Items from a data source
(* Let $\boldsymbol J=(J_x)_{x\in\Sigma}$ be weights on $\Sigma=\mathsf V\cup\mathsf E$ (the vertices and nearest-neighbour edges of $\mathbb Z^d$) which are almost surely generic, and let $M$ and $M'$ be ground states for $\boldsymbol J$ in $\mathbb Z^d$. Then (almost surely) $M\,\Delta\,M'$ is a disjoint union of simple infinite and bi-infinite paths.
   Context: A matching of $\mathbb Z^d$ is a set $M\subset\Sigma$ such that every vertex either belongs to $M$ or is an endpoint of exactly one edge of $M$, but not both. For matchings $M,M'$ with $M\Delta M'$ finite, $H(M)-H(M')=\sum_{x\in M\setminus M'}J_x-\sum_{y\in M'\setminus M}J_y$. $M$ is a ground state of $\boldsymbol J$ if there is no matching $M'$ with $M\Delta M'$ finite and $H(M)-H(M')>0$. Weights are generic if for every finite $S\subset\Sigma$ and integers $(k_x)_{x\in S}$ not all zero, $\sum_{x\in S}k_xJ_x\ne0$. A simple infinite path is a sequence $(v_1,(v_1,v_2),(v_2,v_3),\dots)$ with the $v_i$ distinct and $v_i\sim v_{i+1}$; a bi-infinite path is a bi-infinite sequence of edges $(\dots,(v_{-1},v_0),(v_0,v_1),(v_1,v_2),\dots)$ with the $v_i$ distinct. *)

From mathcomp Require Import all_boot all_order all_algebra.
From mathcomp Require Import boolp classical_sets cardinality fsbigop reals.
Set Implicit Arguments. Unset Strict Implicit. Unset Printing Implicit Defensive.
Import Order.TTheory GRing.Theory Num.Theory.
Local Open Scope classical_set_scope.
Local Open Scope ring_scope.

Definition vtx (d : nat) := 'rV[int]_d.

Definition unitv (d : nat) (i : 'I_d) : vtx d := delta_mx 0 i.

(* Sigma = V u E.  A nearest-neighbour edge {x, x + e_i} is encoded
   (uniquely) by the pair (x, i). *)
Definition Sigma (d : nat) := (vtx d + (vtx d * 'I_d))%type.

Definition SV d (v : vtx d) : Sigma d := inl v.
Definition SE d (x : vtx d) (i : 'I_d) : Sigma d := inr (x, i).

Definition adj d (v w : vtx d) : Prop :=
  exists i : 'I_d, w = v + unitv i \/ v = w + unitv i.

Definition edge_between d (v w : vtx d) (s : Sigma d) : Prop :=
  exists i : 'I_d, (s = SE v i /\ w = v + unitv i) \/ (s = SE w i /\ v = w + unitv i).

Definition incident d (v : vtx d) (s : Sigma d) : Prop :=
  match s with
  | inl _ => False
  | inr (x, i) => v = x \/ v = x + unitv i
  end.

Definition matching d (M : set (Sigma d)) : Prop :=
  forall v : vtx d,
    (M (SV v) /\ ~ (exists e, M e /\ incident v e)) \/
    (~ M (SV v) /\ exists e, M e /\ incident v e /\
                     forall e', M e' -> incident v e' -> e' = e).

Definition symdiff T (A B : set T) : set T := (A `\` B) `|` (B `\` A).

(* H(M) - H(M') (meaningful when M Delta M' is finite). *)
Definition Hdiff (R : realType) d (J : Sigma d -> R) (M M' : set (Sigma d)) : R :=
  \sum_(x \in M `\` M') J x - \sum_(y \in M' `\` M) J y.

Definition ground_state (R : realType) d (J : Sigma d -> R) (M : set (Sigma d)) : Prop :=
  ~ (exists M', matching M' /\ finite_set (symdiff M M') /\ 0 < Hdiff J M M').

Definition generic (R : realType) d (J : Sigma d -> R) : Prop :=
  forall (S : set (Sigma d)) (k : Sigma d -> int),
    finite_set S -> (exists x, S x /\ k x != 0) ->
    \sum_(x \in S) (k x)%:~R * J x != 0.

Definition simple_infinite_path d (P : set (Sigma d)) : Prop :=
  exists v : nat -> vtx d, injective v /\ (forall k, adj (v k) (v k.+1)) /\
    P = [set SV (v 0%N)] `|` [set s | exists k, edge_between (v k) (v k.+1) s].
(* Consider the Coxeter diagram $D$ with seven nodes $1,\dots,7$ forming the cycle $6-5-4-3-2-1-7-6$, with edge labels $m_{65}=4$, $m_{54}=4$, $m_{43}=6$, $m_{32}=4$, $m_{21}=\infty$, $m_{17}=4$, $m_{76}=6$, and all other pairs of nodes non-adjacent (i.e. $m_{ij}=2$). Then $D$ is the Coxeter diagram of a finite-volume hyperbolic Coxeter $4$-polytope $P_0$ which (a) has exactly one ideal vertex, and (b) has the property that whenever a bounded facet and an unbounded facet intersect, their dihedral angle is $\pi/(2k)$ for some $k\in\mathbb{N}$. Moreover, the horospherical link of the unique ideal vertex of $P_0$ is a Euclidean right prism over a triangle with inner angles $\pi/2,\pi/4,\pi/4$, and its Coxeter diagram is the subdiagram of $D$ spanned by the nodes $1,2,4,5,6$.
   Context: A hyperbolic Coxeter polytope is a finite convex polytope in $\mathbb{H}^n$ all of whose dihedral angles are integral submultiples of $\pi$. Its Coxeter diagram has one node per bounding hyperplane; nodes $i,j$ are joined by an edge labelled $m_{ij}$ if the hyperplanes meet at dihedral angle $\pi/m_{ij}$, with label $\infty$ if they are tangent at infinity, no edge if $m_{ij}=2$, and a dashed edge if they are ultraparallel (there are no dashed edges in $D$). *)

From mathcomp Require Import all_boot all_order all_algebra.
From mathcomp Require Import all_classical all_reals all_analysis.
Set Implicit Arguments. Unset Strict Implicit. Unset Printing Implicit Defensive.
Import Order.TTheory GRing.Theory Num.Theory.
Import numFieldNormedType.Exports.
Local Open Scope classical_set_scope.
Local Open Scope ring_scope.

(* Hyperboloid model of H^4 in Minkowski space R^{4,1}.                      *)
Section Hyperbolic.
Variable R : realType.
Implicit Types (x y v a b : 'rV[R]_5) (e : 'I_7 -> 'rV[R]_5).

Definition lor x y : R :=
  \sum_(k < 5) (if val k == 4%N then - 1 else 1) * x ord0 k * y ord0 k.

Definition H4 : set 'rV[R]_5 := [set x | lor x x = -1 /\ 0 < x ord0 (inord 4)].
(* Let $G$ be an $(N,k)$ Adinkra obtained from an $N$-cube Adinkra by quotienting by a doubly even $(N,k)$ code $C$ (vertices labeled by cosets $x+C$), with the matrices $\gamma_i$ defined as in the context. Let $M=\gamma_{i_1}\cdots\gamma_{i_t}$ and let $p\in\mathbb{Z}_2^N$ be the vector with $p_i=1$ exactly for the colors $i$ occurring an odd number of times in $(i_1,\dots,i_t)$. Suppose $p$ is a nonzero codeword of $C$ and $M_{x,x}=\pm1$ for all vertices $x$. Then for any two vertices $x+C$ and $y+C$, $M_{x+C,x+C}=M_{y+C,y+C}$ if and only if $\langle x,p\rangle\equiv\langle y,p\rangle\pmod 2$.
   Context: An Adinkra of dimension $N$ is a finite connected simple graph $G=(V,E)$ with: a bipartition of $V$ into bosons and fermions (every edge joins a boson and a fermion); a height function (irrelevant here); a coloring of $E$ by colors $\{1,\dots,N\}$ such that each vertex is incident to exactly one edge of each color; an edge parity $\pi:E\to\mathbb{Z}_2$ (parity $1$ = dashed); such that every path with edge colors $(i,j)$, $i\ne j$, lies in a unique 4-cycle with colors $(i,j,i,j)$, each having an odd number of dashed edges. If $|V|=2^{N-k}$, $G$ is an $(N,k)$ Adinkra; it has $n=2^{N-k-1}$ bosons $b_1,\dots,b_n$ and $n$ fermions $f_1,\dots,f_n$. A doubly even $(N,k)$ code $C$ is a $k$-dimensional subspace of $\mathbb{Z}_2^N$ all of whose elements have weight $\equiv0\pmod4$; $\langle u,v\rangle=\sum_iu_iv_i\bmod2$, and $\langle x,c\rangle$ for $c\in C$ depends only on $x+C$. Quotient construction: label the vertices of an $N$-cube Adinkra by $\mathbb{Z}_2^N$ so that color-$i$ edges join $v$ and $v+e_i$, and identify vertices whose labels differ by elements of $C$; the result has vertices $x+C$ and color-$i$ edges joining $x+C$ and $x+e_i+C$. For each color $i$, $L_i$ is the $n\times n$ matrix with $(L_i)_{r,s}=+1$ if $b_r,f_s$ are joined by a solid edge of color $i$, $-1$ if joined by a dashed edge of color $i$, $0$ otherwise; $\gamma_i=\begin{pmatrix}0&L_i\\ L_i^{T}&0\end{pmatrix}$, rows and columns indexed by $V$. *)

From mathcomp Require Import all_boot all_order all_algebra.
Set Implicit Arguments. Unset Strict Implicit. Unset Printing Implicit Defensive.
Import GRing.Theory.
Local Open Scope ring_scope.

Notation word N := 'rV['F_2]_N.

Definition ebasis (N : nat) (i : 'I_N) : word N := delta_mx 0 i.

Definition wt (N : nat) (c : word N) : nat := #|[set i : 'I_N | c 0 i != 0]|.

Definition ip (N : nat) (u v : word N) : 'F_2 := \sum_(i < N) u 0 i * v 0 i.

(* A doubly even (N,k) code: a k-dimensional F_2-subspace of Z_2^N
   (over F_2: contains 0, closed under +, 2^k elements) all of whose
   elements have weight divisible by 4. *)
Definition doubly_even_code (N k : nat) (C : {set word N}) : Prop :=
  [/\ 0 \in C, {in C &, forall a b, a + b \in C}, #|C| = (2 ^ k)%N
    & {in C, forall c, (4 %| wt c)%N}].

Definition coset (N : nat) (C : {set word N}) (x : word N) : {set word N} :=
  [set x + c | c in C].

Definition qvert (N : nat) (C : {set word N}) : finType :=
  {A : {set word N} | [exists x, A == coset C x]}.

Lemma coset_is_coset (N : nat) (C : {set word N}) (x : word N) :
  [exists y, coset C x == coset C y].
Proof. by apply/existsP; exists x. Qed.

Definition cos (N : nat) (C : {set word N}) (x : word N) : qvert C :=
  exist _ (coset C x) (coset_is_coset C x).

(* A dashing of the quotient graph (color-i edges join x+C and x+e_i+C):
   d u i = true iff the color-i edge at vertex u is dashed (parity 1).
   It is a dashing of edges (both endpoints agree), and satisfies the
   Adinkra condition: every (i,j,i,j) 4-cycle, i <> j, has an odd number
   of dashed edges. *)
Definition adinkra_dashing (N : nat) (C : {set word N})
    (d : qvert C -> 'I_N -> bool) : Prop :=
  (forall x i, d (cos C x) i = d (cos C (x + ebasis i)) i) /\
  (forall x i j, i != j ->
     d (cos C x) i (+) d (cos C (x + ebasis i)) j
       (+) d (cos C (x + ebasis j)) i (+) d (cos C x) j = true).

Definition vmx (V : finType) := V -> V -> int.
Definition vmx_mul (V : finType) (A B : vmx V) : vmx V :=
  fun u v => \sum_(w : V) A u w * B w v.
Definition vmx_one (V : finType) : vmx V := fun u v => (u == v)%:R.

(* gamma_i: entry (u,v) is +1 / -1 if u,v are joined by a solid / dashed
   color-i edge, and 0 otherwise (this is [[0,L_i],[L_i^T,0]] indexed by V). *)
Definition gamma (N : nat) (C : {set word N}) (d : qvert C -> 'I_N -> bool)
    (i : 'I_N) : vmx (qvert C) :=
  fun u v => if val v == [set a + ebasis i | a in val u]
             then (if d u i then -1 else 1) else 0.

Definition gprod (N : nat) (C : {set word N}) (d : qvert C -> 'I_N -> bool)
    (s : seq 'I_N) : vmx (qvert C) :=
  foldr (fun i A => vmx_mul (gamma d i) A) (@vmx_one (qvert C)) s.

Definition parity_word (N : nat) (s : seq 'I_N) : word N :=
  \row_(i < N) ((odd (count_mem i s))%:R : 'F_2).

From mathcomp Require Import all_boot all_order all_algebra.
From mathcomp Require Import ring.
Set Implicit Arguments. Unset Strict Implicit. Unset Printing Implicit Defensive.
Import GRing.Theory.
Local Open Scope ring_scope.

(* When p lies in C the walk from x + C along the colours of s is closed, and
   M_{x+C,x+C} is (-1)^(number of dashed edges on it).  Moving the start by
   e_j changes that number, mod 2, by |s| + #{occurrences of j in s}: at each
   step the 4-cycle condition contributes (i <> j), and the two colour-j edges
   joining the walks at their ends coincide because both walks are closed.
   As |s| = wt p mod 2 is even, the change is p_j, so the dash parity from
   x + C is that from C plus <x,p>. *)

Lemma F2_cases (a : 'F_2) : a = 0 \/ a = 1.
Proof. by case: a => [[|[|n]]] //= ?; [left | right]; apply: val_inj. Qed.

Lemma natr_negb_F2 (b : bool) : (~~ b)%:R = 1 + b%:R :> 'F_2.
Proof. by case: b; apply: val_inj. Qed.

Lemma natr_F2 (n : nat) : n%:R = (odd n)%:R :> 'F_2.
Proof. by elim: n => // n IH; rewrite -nat1r IH /= natr_negb_F2. Qed.

Lemma addrr_F2 (a : 'F_2) : a + a = 0.
Proof. by rewrite addrr_pchar2 // pchar_Fp. Qed.

Lemma F2_eq_add2r (x y a : 'F_2) : x = y + (a + a) -> x = y.
Proof. by rewrite addrr_F2 addr0. Qed.

Lemma addrr_rowF2 (N : nat) (v : 'rV['F_2]_N) : v + v = 0.
Proof. by apply/rowP => j; rewrite !mxE addrr_F2. Qed.

Definition signF2 (a : 'F_2) : int := (-1) ^+ a.

Lemma signF2_nat (b : bool) : signF2 b%:R = if b then -1 else 1.
Proof. by case: b. Qed.

Lemma signF2D (a b : 'F_2) : signF2 (a + b) = signF2 a * signF2 b.
Proof. by case: (F2_cases a) => ->; case: (F2_cases b) => ->. Qed.

Lemma signF2_inj : injective signF2.
Proof. by move=> a b; case: (F2_cases a) => ->; case: (F2_cases b) => ->. Qed.

Section Walks.
Variables (N : nat) (C : {set word N}) (d : qvert C -> 'I_N -> bool).

Fixpoint walk_dashes (x : word N) (s : seq 'I_N) : 'F_2 :=
  if s is i :: s' then (d (cos C x) i)%:R + walk_dashes (x + ebasis i) s'
  else 0.

Lemma coset_shift (x e : word N) :
  [set a + e | a in coset C x] = coset C (x + e).
Proof.
by rewrite /coset -imset_comp; apply: eq_imset => c /=; rewrite addrAC.
Qed.

Lemma gprod_cosE (s : seq 'I_N) (x : word N) (v : qvert C) :
  gprod d s (cos C x) v =
  if val v == coset C (x + \sum_(i <- s) ebasis i)
  then signF2 (walk_dashes x s) else 0.
Proof.
elim: s x => [|i s IH] x /=.
  rewrite big_nil addr0 /vmx_one eq_sym -val_eqE /=.
  by case: (_ == _).
rewrite /vmx_mul (bigD1 (cos C (x + ebasis i))) //= big1 => [|w /eqP ne_w].
  rewrite addr0 /gamma /= coset_shift eqxx IH big_cons addrA signF2D signF2_nat.
  by case: (_ == _); rewrite ?mulr0.
rewrite /gamma /= coset_shift; case: eqP => [w_eq | _]; last by rewrite mul0r.
by case: ne_w; apply: val_inj.
Qed.

Hypothesis dashing : adinkra_dashing d.

Lemma dashing_square (x : word N) (i j : 'I_N) :
  (d (cos C (x + ebasis j)) i)%:R =
  (d (cos C x) i)%:R + (d (cos C x) j)%:R + (d (cos C (x + ebasis i)) j)%:R
    + (i != j)%:R :> 'F_2.
Proof.
case: dashing => edge square; case: (eqVneq i j) => [<- | ne_ij].
  by rewrite -edge addr0 addrr_F2 add0r.
move: (square x i j ne_ij) => /=.
case: (d (cos C x) i); case: (d (cos C (x + ebasis i)) j);
  case: (d (cos C (x + ebasis j)) i); case: (d (cos C x) j) => //= _;
  exact: val_inj.
Qed.

Lemma walk_dashes_shift (j : 'I_N) (s : seq 'I_N) (x : word N) :
  walk_dashes (x + ebasis j) s =
  walk_dashes x s + (size s + count_mem j s)%:R + (d (cos C x) j)%:R
    + (d (cos C (x + \sum_(i <- s) ebasis i)) j)%:R.
Proof.
elim: s x => [|i s IH] x /=.
  by rewrite big_nil !addr0 add0r addrr_F2.
rewrite addrAC IH big_cons (addrA x) dashing_square natr_negb_F2 !natrD -nat1r.
(* [ring] does not know that 2 = 0 in 'F_2, so the duplicated term is
   cancelled by hand. *)
apply: (@F2_eq_add2r _ _ (d (cos C (x + ebasis i)) j)%:R); ring.
Qed.

End Walks.

Section Codes.
Variable N : nat.

Lemma sum_ebasis_parity_word (s : seq 'I_N) :
  \sum_(i <- s) ebasis i = parity_word s.
Proof.
apply/rowP => j; rewrite summxE !mxE -natr_F2.
elim: s => [|i s IH]; first by rewrite big_nil.
by rewrite big_cons IH /= natrD !mxE eq_sym.
Qed.

Lemma natr_wt_F2 (v : word N) : (wt v)%:R = \sum_(j < N) v 0 j.
Proof.
rewrite /wt -sum1_card natr_sum big_mkcond /=; apply: eq_bigr => j _.
by rewrite inE; case: (F2_cases (v 0 j)) => ->.
Qed.

Lemma natr_size_parity_word (s : seq 'I_N) :
  (size s)%:R = (wt (parity_word s))%:R :> 'F_2.
Proof.
rewrite natr_wt_F2 -sum_ebasis_parity_word.
under eq_bigr do rewrite summxE.
rewrite exchange_big /=.
elim: s => [|i s IH]; first by rewrite big_nil.
rewrite big_cons -IH -nat1r (bigD1 i) //= big1 => [|j ne_ji].
  by rewrite mxE !eqxx addr0.
by rewrite mxE (negbTE ne_ji).
Qed.

Lemma cos_add_codeword (C : {set word N}) (x c : word N) :
  {in C &, forall a b, a + b \in C} -> c \in C -> cos C (x + c) = cos C x.
Proof.
move=> addC Cc; apply: val_inj => /=.
apply/setP => z; apply/imsetP/imsetP => -[c' Cc' ->].
  by exists (c + c'); [exact: addC | rewrite addrA].
by exists (c + c'); [exact: addC | rewrite addrA -(addrA x) addrr_rowF2 addr0].
Qed.

Lemma affine_of_shifts (f : word N -> 'F_2) (p : word N) :
  (forall y j, f (y + ebasis j) = f y + p 0 j) -> forall x, f x = f 0 + ip x p.
Proof.
move=> shift x; rewrite {1}(row_sum_delta x) /ip.
apply: (big_rec2 (fun v a => f v = f 0 + a)) => [|j v a _ IH].
  by rewrite addr0.
have [-> | ->] := F2_cases (x 0 j); first by rewrite scale0r mul0r !add0r.
by rewrite scale1r mul1r addrC shift IH -addrA (addrC a).
Qed.

End Codes.

Section Diagonal.
Variables (N k : nat) (C : {set word N}) (d : qvert C -> 'I_N -> bool).
Variable s : seq 'I_N.
Hypotheses (codeC : doubly_even_code k C) (p_in_C : parity_word s \in C).
Hypothesis dashing : adinkra_dashing d.

Lemma gprod_cos_diag (x : word N) :
  gprod d s (cos C x) (cos C x) = signF2 (walk_dashes d x s).
Proof.
case: codeC => _ addC _ _.
by rewrite gprod_cosE sum_ebasis_parity_word -[coset C _]/(val (cos C _))
  cos_add_codeword // eqxx.
Qed.

Lemma walk_dashes_ip (x : word N) :
  walk_dashes d x s = walk_dashes d 0 s + ip x (parity_word s).
Proof.
case: codeC => _ addC _ wt4.
apply: (affine_of_shifts (f := walk_dashes d ^~ s)) => y j.
have even_size : (size s)%:R = 0 :> 'F_2.
  rewrite natr_size_parity_word natr_F2.
  by have /dvdnP[m ->] := wt4 _ p_in_C; rewrite oddM andbF.
rewrite walk_dashes_shift // sum_ebasis_parity_word cos_add_codeword //.
by rewrite natrD even_size add0r -addrA addrr_F2 addr0 mxE -natr_F2.
Qed.

End Diagonal.

Theorem mainTheorem13 (N k : nat) (C : {set 'rV['F_2]_N})
    (d : qvert C -> 'I_N -> bool) (s : seq 'I_N) :
  doubly_even_code k C ->
  adinkra_dashing d ->
  parity_word s \in C ->
  parity_word s != 0 ->
  (forall u : qvert C, gprod d s u u = 1 \/ gprod d s u u = -1) ->
  forall x y : 'rV['F_2]_N,
    gprod d s (cos C x) (cos C x) = gprod d s (cos C y) (cos C y) <->
    ip x (parity_word s) = ip y (parity_word s).
Proof.
move=> codeC dashing p_in_C _ _ x y.
have shiftE := walk_dashes_ip codeC p_in_C dashing.
rewrite !(gprod_cos_diag d codeC p_in_C) (shiftE x) (shiftE y).
by split=> [/signF2_inj/addrI | ->].
Qed.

(WORK TASK) For this exercise, output exactly the lines above from the line with "Lemma walk_dashes_ip (x" to the line with "rewrite natr_size_parity_word natr_F2.", counting both, and leave out the rest.

(EXERCISE RESPONSE)
Lemma walk_dashes_ip (x : word N) :
  walk_dashes d x s = walk_dashes d 0 s + ip x (parity_word s).
Proof.
case: codeC => _ addC _ wt4.
apply: (affine_of_shifts (f := walk_dashes d ^~ s)) => y j.
have even_size : (size s)%:R = 0 :> 'F_2.
  rewrite natr_size_parity_word natr_F2.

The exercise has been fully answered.